Even if you train a few different ‘simple’ models with different data folds and hyper parameters you’ll probably find it quicker and a less energy hungry starting point. Of course if simple models don’t work, deep learning is a good option.

Pre-trained models and transfer learning

This could apply to both simple models (well kinda) and deep learning models.

It is well known by now that the best way to get near state of the art performance for classification tasks in NLP and computer vision is to take a pre-trained model like BERT or ResNet and “continue” training by updating the last few layers of the neural model with new weights.

Unless you’re a multi-national or a top tier research institute with lots of money and data to throw at training then trying to train one of these systems from scratch may be a waste of time and energy anyway (I said ‘may be,’ not ‘always’. If you’re working on new state-of-the-art models then I salute you! We should always strive to better ourselves!).

You can also combine the KISS approach with pre-trained weights. You can achieve some really great text classification results by using pre-trained word embeddings like GloVe, word2vec or fastText with a linear classification model like SVM.

Scale down big data

If you’re developing a model and working with a massive dataset, you might consider training on a small but representational subset of the data. You’ll need to be very careful about this, especially if your dataset is not well balanced or has very rare features (in NLP this could be words that are important but only occur in a tiny proportion of documents). However, if you know that you’re likely to need to change the model 10 more times before you calculate your final performance metrics, it might (but won’t always) makes sense to train it on 10,000 samples instead of 100,000 samples.

If you’re building models that use a gradient descent or evolutionary training approach then you could also limit the number of epochs during development of your model.

Give patronage to “green” hosting providers

Big companies are not always the most transparent so this suggestion could be trickier. That said, taking your money where the ethical hosting is could be a good way to reduce your model’s carbon footprint. Especially if you are one of the pioneers working on massive models that use a lot of electricity. Hardware is an important consideration too. GPUs have been a key tool in the evolution of deep learning over the last 10 years but it turns out that TPUs are better suited to deep learning and much less energy hungry with that.

Controversial Suggestion: Carbon Reporting in AI and ML Scientific Publications

This one’s probably going to be a divisive suggestion but what if we could get all the big ML academic conferences to require some basic calculation of energy usage with all new model architecture submissions? The idea is to introduce a race to the bottom for AI model power consumption. A model that uses 100x less electricity and achieves near state-of-the-art performance would be much more interesting than one that improves state-of-the-art performance by 0.1%

I’m well aware that this solution is far from perfect given cloud hosting transparency concerns (see above) and conference organisers would have to think carefully about how to set up peer reviews in a way that avoids always rewarding energy efficiency at the expense of model task performance.

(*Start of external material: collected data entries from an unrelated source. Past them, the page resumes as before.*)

(* Let $\beta$ be an element of $\mathbb{K}$ (e.g. an indeterminate adjoined to $\mathbb{K}$). Let $G_{\mathrm{cyc}}$ be the $q$-grammar with master variables $S=\{x,y,z,e\}$, rule \[ x_j\mapsto q^jy_jx_{j+1},\quad y_j\mapsto q^jy_jx_{j+1},\quad z_j\mapsto q^jy_jx_{j+1},\quad e_j\mapsto \beta q^je_jz_{j+1}\qquad(j\ge0), \] and order KSO (identity), and let $D$ be its $q$-derivative. Let $\phi$ be the evaluation with $\phi(x_j)=x$, $\phi(y_j)=y$, $\phi(z_j)=z$, $\phi(e_j)=e$ for all $j$ (commuting indeterminates). Then for all $n\ge1$, \[ \phi\big(D^n(e_0)\big)=e\,F^{\mathrm{inv}}_n(q;x,y,z\mid\beta),\qquad F^{\mathrm{inv}}_n(q;x,y,z\mid\beta)=\sum_{\sigma\in\mathfrak{S}_n}q^{\operatorname{inv}(\sigma)}x^{\operatorname{iasc}(\sigma)}z^{\operatorname{isol}(\sigma)}y^{\operatorname{des}(\sigma)-1}\beta^{\operatorname{RLmin}(\sigma)}. \]
   Context: $\mathbb{K}$ is a commutative ring with unity and characteristic zero, $q$ an indeterminate. For a set $S$ of master variables, $\mathbb{S}=\{s_i:s\in S,\ i\ge0\}$ is a set of non-commuting variables, $F(\mathbb{S})$ the free group on $\mathbb{S}$, $\mathbb{E}=\mathbb{K}[q][F(\mathbb{S})]$ its group algebra. A rule $R$ assigns to each $s_i$ an element of $\mathbb{E}$, extended by $R(s_i^{-1})=-s_i^{-1}R(s_i)s_{i+1}^{-1}$. The up-arrow $\uparrow$ is the linear map replacing each letter $s_i^{\pm1}$ by $s_{i+1}^{\pm1}$. The $q$-derivative of a $q$-grammar $(S,R,\rho)$ (with $\rho$ an order, i.e. a letter-permuting rewriting of words; KSO is the identity) is the $\mathbb{K}[q]$-linear map with $D(w_1\cdots w_n)=\sum_{j=1}^n\rho\big(w_1\cdots w_{j-1}R(w_j)\uparrow(w_{j+1}\cdots w_n)\big)$ for letters $w_j$, $D^0=\mathrm{id}$, $D^k=D\circ D^{k-1}$. An evaluation extends to a $\mathbb{K}[q]$-linear ring morphism. For $\sigma\in\mathfrak{S}_n$ with convention $\sigma_0=\sigma_{n+1}=0$: $0\le i\le n$ is a descent if $\sigma_i>\sigma_{i+1}$, an ascent otherwise, $\operatorname{des}$ counts descents; $\operatorname{inv}(\sigma)=\#\{(i,j):i<j,\ \sigma_i>\sigma_j\}$; a right-to-left minimum is an entry $\sigma_i$ with $\sigma_i<\sigma_j$ for all $j>i$, $\operatorname{RLmin}$ counts them; placing a bar at the start and after each right-to-left minimum, an entry alone between two consecutive bars is isolated, $\operatorname{isol}$ counts isolated entries; an index $0\le i\le n-1$ is a non-isolated ascent if it is an ascent and $\sigma_{i+1}$ is not isolated, $\operatorname{iasc}$ counts them. *)

From HB Require Import structures.
From mathcomp Require Import all_boot all_order all_algebra all_fingroup.
From mathcomp Require Import mpoly.
Set Implicit Arguments. Unset Strict Implicit. Unset Printing Implicit Defensive.
Import GRing.Theory.
Local Open Scope ring_scope.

I guess another approach could be an international conference for energy efficient machine learning systems. I’d be interested in whether there’s enough interest in such a conference from the academic community that I’d seriously consider organising such an event. Also if one already exists I’d be interested in participating.

If you’d like to discuss the above I’m on twitter @jamesravey

Conclusion

In closing, I’m really glad that Strubel et al have brought this issue to the forefront of our minds and that the work has picked up so much attention. Rather than panicking and downing our tools, I think it’s important that we remain optimistic about AI and the huge advantages that it can bring and that we try to be as considerate as possible of environmental factors whenever we develop new approaches.